## Task inputs
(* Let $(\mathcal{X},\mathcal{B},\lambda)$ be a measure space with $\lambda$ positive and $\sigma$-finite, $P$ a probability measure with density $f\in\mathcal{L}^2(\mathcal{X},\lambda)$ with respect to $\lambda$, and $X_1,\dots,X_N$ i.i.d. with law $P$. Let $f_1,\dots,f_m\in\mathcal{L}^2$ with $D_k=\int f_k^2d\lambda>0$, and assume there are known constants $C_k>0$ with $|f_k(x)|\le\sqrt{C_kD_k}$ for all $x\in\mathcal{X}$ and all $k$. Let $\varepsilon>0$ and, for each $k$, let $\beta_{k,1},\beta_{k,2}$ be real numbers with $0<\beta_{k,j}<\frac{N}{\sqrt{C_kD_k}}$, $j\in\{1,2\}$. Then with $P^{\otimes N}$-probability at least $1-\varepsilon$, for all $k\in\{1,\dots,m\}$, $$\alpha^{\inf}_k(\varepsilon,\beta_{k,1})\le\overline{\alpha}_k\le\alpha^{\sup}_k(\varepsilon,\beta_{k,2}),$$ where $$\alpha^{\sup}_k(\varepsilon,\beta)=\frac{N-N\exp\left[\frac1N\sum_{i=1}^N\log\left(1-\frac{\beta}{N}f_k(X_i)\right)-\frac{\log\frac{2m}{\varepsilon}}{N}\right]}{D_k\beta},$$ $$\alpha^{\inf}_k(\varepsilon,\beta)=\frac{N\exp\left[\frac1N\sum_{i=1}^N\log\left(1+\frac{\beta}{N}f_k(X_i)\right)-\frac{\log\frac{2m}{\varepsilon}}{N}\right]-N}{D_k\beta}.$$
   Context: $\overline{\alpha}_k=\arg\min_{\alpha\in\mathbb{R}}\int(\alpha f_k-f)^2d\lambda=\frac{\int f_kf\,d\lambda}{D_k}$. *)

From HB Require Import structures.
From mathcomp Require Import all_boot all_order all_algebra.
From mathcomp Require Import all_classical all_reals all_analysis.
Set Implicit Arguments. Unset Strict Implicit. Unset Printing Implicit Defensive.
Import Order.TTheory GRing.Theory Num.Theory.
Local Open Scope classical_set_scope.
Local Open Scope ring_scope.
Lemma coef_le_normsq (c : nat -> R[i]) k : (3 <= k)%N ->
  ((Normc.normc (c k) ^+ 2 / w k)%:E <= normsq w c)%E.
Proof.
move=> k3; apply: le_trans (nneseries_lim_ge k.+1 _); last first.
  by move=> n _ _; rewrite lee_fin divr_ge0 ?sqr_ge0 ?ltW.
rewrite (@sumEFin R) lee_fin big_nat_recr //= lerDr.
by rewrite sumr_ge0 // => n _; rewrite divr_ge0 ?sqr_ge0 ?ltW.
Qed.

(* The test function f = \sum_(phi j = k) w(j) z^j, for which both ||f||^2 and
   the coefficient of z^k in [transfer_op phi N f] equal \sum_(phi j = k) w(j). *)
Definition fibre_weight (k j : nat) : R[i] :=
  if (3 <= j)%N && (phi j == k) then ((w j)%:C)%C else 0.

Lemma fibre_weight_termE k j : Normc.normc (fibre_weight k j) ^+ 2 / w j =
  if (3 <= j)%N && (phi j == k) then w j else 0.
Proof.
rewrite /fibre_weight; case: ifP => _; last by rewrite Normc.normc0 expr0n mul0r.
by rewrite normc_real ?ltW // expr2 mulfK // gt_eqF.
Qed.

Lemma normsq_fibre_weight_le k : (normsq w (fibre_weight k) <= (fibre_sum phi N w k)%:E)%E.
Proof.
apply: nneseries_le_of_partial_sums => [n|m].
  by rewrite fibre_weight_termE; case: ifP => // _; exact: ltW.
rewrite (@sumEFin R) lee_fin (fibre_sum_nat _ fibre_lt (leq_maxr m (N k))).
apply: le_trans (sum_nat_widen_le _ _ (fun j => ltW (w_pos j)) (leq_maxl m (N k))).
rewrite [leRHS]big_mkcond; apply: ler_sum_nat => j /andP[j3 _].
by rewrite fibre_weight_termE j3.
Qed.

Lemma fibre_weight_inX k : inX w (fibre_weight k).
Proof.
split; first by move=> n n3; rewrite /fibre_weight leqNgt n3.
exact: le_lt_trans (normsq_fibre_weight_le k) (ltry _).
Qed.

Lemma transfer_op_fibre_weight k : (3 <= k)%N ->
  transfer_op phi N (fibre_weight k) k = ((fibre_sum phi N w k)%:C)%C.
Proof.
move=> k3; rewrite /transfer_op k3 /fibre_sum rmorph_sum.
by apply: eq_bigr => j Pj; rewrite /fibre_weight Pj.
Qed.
* * *
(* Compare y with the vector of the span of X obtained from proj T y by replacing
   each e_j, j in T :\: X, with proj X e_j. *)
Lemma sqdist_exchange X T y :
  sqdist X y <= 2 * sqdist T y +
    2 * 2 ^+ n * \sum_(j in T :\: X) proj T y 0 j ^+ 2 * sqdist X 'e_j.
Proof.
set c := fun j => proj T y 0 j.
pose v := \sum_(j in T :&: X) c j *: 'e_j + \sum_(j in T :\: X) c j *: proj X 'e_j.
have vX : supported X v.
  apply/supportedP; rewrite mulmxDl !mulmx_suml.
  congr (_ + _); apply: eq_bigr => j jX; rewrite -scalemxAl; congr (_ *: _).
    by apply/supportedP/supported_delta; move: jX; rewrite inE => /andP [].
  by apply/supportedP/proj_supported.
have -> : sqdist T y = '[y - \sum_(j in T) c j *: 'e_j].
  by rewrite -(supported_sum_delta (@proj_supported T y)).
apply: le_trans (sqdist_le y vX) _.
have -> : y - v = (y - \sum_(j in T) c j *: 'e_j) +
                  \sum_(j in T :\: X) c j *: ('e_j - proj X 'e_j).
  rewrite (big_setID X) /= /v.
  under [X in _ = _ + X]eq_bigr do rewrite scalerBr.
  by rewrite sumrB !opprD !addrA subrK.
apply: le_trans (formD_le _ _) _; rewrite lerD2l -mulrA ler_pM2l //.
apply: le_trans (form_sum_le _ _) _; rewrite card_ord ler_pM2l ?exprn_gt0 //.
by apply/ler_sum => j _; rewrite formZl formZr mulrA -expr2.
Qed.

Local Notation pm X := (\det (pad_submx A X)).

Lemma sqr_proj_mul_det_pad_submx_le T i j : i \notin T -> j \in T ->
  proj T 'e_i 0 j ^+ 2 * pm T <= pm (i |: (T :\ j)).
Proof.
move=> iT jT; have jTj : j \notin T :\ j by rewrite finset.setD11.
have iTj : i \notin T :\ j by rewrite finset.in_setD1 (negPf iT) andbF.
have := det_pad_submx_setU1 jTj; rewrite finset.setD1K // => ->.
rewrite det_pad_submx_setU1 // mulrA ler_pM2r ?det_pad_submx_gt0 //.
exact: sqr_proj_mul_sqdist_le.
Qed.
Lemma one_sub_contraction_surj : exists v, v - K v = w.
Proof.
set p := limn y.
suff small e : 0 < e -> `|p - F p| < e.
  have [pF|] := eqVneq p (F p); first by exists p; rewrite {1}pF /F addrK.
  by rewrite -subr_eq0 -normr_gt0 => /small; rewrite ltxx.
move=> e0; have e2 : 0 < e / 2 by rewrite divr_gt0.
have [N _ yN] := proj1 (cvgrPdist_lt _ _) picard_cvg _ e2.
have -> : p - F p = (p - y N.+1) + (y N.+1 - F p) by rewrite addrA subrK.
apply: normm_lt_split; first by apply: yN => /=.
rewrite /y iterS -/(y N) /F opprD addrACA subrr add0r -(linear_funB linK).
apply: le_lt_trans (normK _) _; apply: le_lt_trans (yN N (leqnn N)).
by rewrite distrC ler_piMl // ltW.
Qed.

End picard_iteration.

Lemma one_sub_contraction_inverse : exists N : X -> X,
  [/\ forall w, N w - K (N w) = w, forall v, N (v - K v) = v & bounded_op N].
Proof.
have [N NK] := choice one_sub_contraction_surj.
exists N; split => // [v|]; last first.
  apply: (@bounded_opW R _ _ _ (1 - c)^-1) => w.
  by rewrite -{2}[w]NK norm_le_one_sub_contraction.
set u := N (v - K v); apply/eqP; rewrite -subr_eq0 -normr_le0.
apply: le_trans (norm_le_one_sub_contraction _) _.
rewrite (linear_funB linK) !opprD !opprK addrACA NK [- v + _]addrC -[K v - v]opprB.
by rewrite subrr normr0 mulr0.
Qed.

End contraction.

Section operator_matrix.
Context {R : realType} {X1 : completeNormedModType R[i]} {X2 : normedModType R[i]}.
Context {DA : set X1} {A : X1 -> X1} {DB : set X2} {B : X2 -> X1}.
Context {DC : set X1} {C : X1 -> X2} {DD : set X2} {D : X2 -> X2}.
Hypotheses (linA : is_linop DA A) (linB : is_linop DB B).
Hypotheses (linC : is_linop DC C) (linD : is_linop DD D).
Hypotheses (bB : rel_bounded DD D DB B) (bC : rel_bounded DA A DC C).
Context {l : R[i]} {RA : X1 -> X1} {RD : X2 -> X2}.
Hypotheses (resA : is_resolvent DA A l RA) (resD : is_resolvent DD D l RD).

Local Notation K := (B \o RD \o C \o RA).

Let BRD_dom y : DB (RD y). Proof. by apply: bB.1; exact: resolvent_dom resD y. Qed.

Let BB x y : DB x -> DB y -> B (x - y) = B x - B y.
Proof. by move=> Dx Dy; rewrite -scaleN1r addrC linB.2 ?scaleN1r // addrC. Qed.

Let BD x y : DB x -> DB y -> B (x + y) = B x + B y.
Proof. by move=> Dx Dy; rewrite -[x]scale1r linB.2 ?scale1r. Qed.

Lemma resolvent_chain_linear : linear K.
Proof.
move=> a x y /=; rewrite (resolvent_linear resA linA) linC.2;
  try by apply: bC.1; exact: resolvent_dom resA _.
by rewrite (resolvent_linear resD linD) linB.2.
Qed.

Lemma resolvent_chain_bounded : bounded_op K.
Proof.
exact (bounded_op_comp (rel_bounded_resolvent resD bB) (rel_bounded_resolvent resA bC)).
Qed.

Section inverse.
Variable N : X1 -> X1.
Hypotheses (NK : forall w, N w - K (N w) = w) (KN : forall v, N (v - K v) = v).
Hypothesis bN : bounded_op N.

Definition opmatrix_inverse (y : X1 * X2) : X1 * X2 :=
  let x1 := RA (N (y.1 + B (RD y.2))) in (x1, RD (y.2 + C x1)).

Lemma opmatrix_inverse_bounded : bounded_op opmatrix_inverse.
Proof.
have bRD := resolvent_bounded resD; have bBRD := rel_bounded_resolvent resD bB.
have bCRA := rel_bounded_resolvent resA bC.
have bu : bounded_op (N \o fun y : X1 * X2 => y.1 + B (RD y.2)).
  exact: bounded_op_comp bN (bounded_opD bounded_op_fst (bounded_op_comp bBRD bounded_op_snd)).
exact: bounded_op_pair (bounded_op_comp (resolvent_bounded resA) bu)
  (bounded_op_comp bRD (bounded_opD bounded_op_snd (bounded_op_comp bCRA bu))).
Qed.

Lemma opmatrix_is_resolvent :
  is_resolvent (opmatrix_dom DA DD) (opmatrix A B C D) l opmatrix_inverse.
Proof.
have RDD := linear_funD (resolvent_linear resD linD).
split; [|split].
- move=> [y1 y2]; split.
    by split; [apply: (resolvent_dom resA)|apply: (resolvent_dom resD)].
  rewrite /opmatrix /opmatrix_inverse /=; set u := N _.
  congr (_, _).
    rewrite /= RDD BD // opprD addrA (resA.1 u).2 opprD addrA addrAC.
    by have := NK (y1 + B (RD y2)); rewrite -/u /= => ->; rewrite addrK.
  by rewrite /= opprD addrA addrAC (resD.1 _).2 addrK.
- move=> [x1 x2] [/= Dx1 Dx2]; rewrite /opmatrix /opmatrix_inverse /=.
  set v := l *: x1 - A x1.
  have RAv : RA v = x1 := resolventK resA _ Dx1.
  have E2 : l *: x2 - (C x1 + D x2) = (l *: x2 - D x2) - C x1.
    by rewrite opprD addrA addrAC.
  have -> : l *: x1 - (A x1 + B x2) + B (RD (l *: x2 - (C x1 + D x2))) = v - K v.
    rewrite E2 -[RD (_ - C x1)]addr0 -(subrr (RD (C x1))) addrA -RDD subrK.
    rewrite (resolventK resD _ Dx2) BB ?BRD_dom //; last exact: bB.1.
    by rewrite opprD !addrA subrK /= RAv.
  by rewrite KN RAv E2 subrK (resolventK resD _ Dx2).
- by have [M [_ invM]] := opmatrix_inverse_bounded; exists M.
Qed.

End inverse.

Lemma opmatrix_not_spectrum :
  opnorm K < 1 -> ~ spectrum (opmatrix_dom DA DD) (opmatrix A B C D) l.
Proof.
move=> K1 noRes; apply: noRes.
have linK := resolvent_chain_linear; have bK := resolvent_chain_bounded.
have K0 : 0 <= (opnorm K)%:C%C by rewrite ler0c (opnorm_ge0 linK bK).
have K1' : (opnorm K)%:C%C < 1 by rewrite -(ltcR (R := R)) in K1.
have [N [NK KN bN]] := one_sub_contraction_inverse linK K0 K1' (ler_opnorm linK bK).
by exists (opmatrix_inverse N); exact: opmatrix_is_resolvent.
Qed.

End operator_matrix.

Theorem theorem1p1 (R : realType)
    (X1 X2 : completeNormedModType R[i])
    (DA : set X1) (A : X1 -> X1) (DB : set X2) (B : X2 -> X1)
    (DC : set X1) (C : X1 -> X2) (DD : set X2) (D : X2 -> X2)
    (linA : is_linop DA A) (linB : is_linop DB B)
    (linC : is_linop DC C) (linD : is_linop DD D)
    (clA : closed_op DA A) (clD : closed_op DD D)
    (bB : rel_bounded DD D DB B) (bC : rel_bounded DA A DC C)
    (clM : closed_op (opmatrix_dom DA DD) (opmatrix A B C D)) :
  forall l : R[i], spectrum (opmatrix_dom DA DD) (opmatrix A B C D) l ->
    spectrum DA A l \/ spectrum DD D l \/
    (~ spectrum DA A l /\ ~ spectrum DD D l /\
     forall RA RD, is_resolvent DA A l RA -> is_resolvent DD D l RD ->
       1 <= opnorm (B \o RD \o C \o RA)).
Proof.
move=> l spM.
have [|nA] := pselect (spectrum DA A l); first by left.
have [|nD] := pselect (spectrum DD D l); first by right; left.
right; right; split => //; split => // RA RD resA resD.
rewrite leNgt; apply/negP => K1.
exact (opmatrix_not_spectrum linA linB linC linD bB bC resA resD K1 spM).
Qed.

## Task instructions
Could you return exactly the stretch of the data above that starts at the line with "Lemma opmatrix_inverse_bounded : bounded_op" and ends at the line with "exact: bounded_op_comp bN", both lines included?

## Answer space
Lemma opmatrix_inverse_bounded : bounded_op opmatrix_inverse.
Proof.
have bRD := resolvent_bounded resD; have bBRD := rel_bounded_resolvent resD bB.
have bCRA := rel_bounded_resolvent resA bC.
have bu : bounded_op (N \o fun y : X1 * X2 => y.1 + B (RD y.2)).
  exact: bounded_op_comp bN (bounded_opD bounded_op_fst (bounded_op_comp bBRD bounded_op_snd)).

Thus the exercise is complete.